◆ **The problem**
Your output should be the line with "- 'X) m (n - k)%N." followed by every remaining line of the entries, reproduced exactly.

Start of Supplied entries

Lemma denom_termE c k m n :
  fps_mul (fps_of_poly (c%:P * 'X^k)) (fps_inv (fps_of_poly (denom m))) n
  = if (n < k)%N then 0 else c * quad_prod_inv (1 - 'X) m (n - k)%N.
Proof. by rewrite fps_mul_monomial fps_inv_quad_prod. Qed.

Lemma denom_term_even c k m n j : (k <= n)%N -> (n - k)%N = j.*2 ->
  fps_mul (fps_of_poly (c%:P * 'X^k)) (fps_inv (fps_of_poly (denom m))) n
  = c * (central_fact (m + j) m)%:R * y ^+ j.
Proof.
move=> le_kn nk_j; rewrite denom_termE ltnNge le_kn /= nk_j.
by rewrite quad_prod_inv_double opprB mulrA.
Qed.

Lemma denom_term_odd c k m n : odd (n - k) ->
  fps_mul (fps_of_poly (c%:P * 'X^k)) (fps_inv (fps_of_poly (denom m))) n = 0.
Proof. by move=> odd_nk; rewrite denom_termE quad_prod_inv_odd // mulr0 if_same. Qed.

Lemma rhs_series_double N : rhs_series N.*2 = rhs_coef even_weight N.
Proof.
rewrite /rhs_series !fps_sum1E [X in _ + X]big1 ?addr0; last first.
  move=> m _; rewrite /term2; case: (ltnP N.*2 (2 * m.+1).-1) => [lt_Nm | le_mN].
    by rewrite denom_termE lt_Nm.
  by rewrite denom_term_odd // oddB // mul2n doubleS /= !odd_double.
rewrite -addnn big_split_ord /= [X in _ + X]big1 ?addr0 => [|m _]; last first.
  by rewrite /term1 denom_termE ifT //; lia.
apply: eq_bigr => m _; rewrite /term1 (@denom_term_even _ _ _ _ (N - m.+1)).
- by rewrite subnKC // /even_weight !natrM.
- by rewrite addnn mul2n leq_double.
- by rewrite addnn doubleB mul2n.
Qed.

End of Supplied entries

◆ **Task response**
  = if (n < k)%N then 0 else c * quad_prod_inv (1 - 'X) m (n - k)%N.
Proof. by rewrite fps_mul_monomial fps_inv_quad_prod. Qed.

Lemma denom_term_even c k m n j : (k <= n)%N -> (n - k)%N = j.*2 ->
  fps_mul (fps_of_poly (c%:P * 'X^k)) (fps_inv (fps_of_poly (denom m))) n
  = c * (central_fact (m + j) m)%:R * y ^+ j.
Proof.
move=> le_kn nk_j; rewrite denom_termE ltnNge le_kn /= nk_j.
by rewrite quad_prod_inv_double opprB mulrA.
Qed.

Lemma denom_term_odd c k m n : odd (n - k) ->
  fps_mul (fps_of_poly (c%:P * 'X^k)) (fps_inv (fps_of_poly (denom m))) n = 0.
Proof. by move=> odd_nk; rewrite denom_termE quad_prod_inv_odd // mulr0 if_same. Qed.

Lemma rhs_series_double N : rhs_series N.*2 = rhs_coef even_weight N.
Proof.
rewrite /rhs_series !fps_sum1E [X in _ + X]big1 ?addr0; last first.
  move=> m _; rewrite /term2; case: (ltnP N.*2 (2 * m.+1).-1) => [lt_Nm | le_mN].
    by rewrite denom_termE lt_Nm.
  by rewrite denom_term_odd // oddB // mul2n doubleS /= !odd_double.
rewrite -addnn big_split_ord /= [X in _ + X]big1 ?addr0 => [|m _]; last first.
  by rewrite /term1 denom_termE ifT //; lia.
apply: eq_bigr => m _; rewrite /term1 (@denom_term_even _ _ _ _ (N - m.+1)).
- by rewrite subnKC // /even_weight !natrM.
- by rewrite addnn mul2n leq_double.
- by rewrite addnn doubleB mul2n.
Qed.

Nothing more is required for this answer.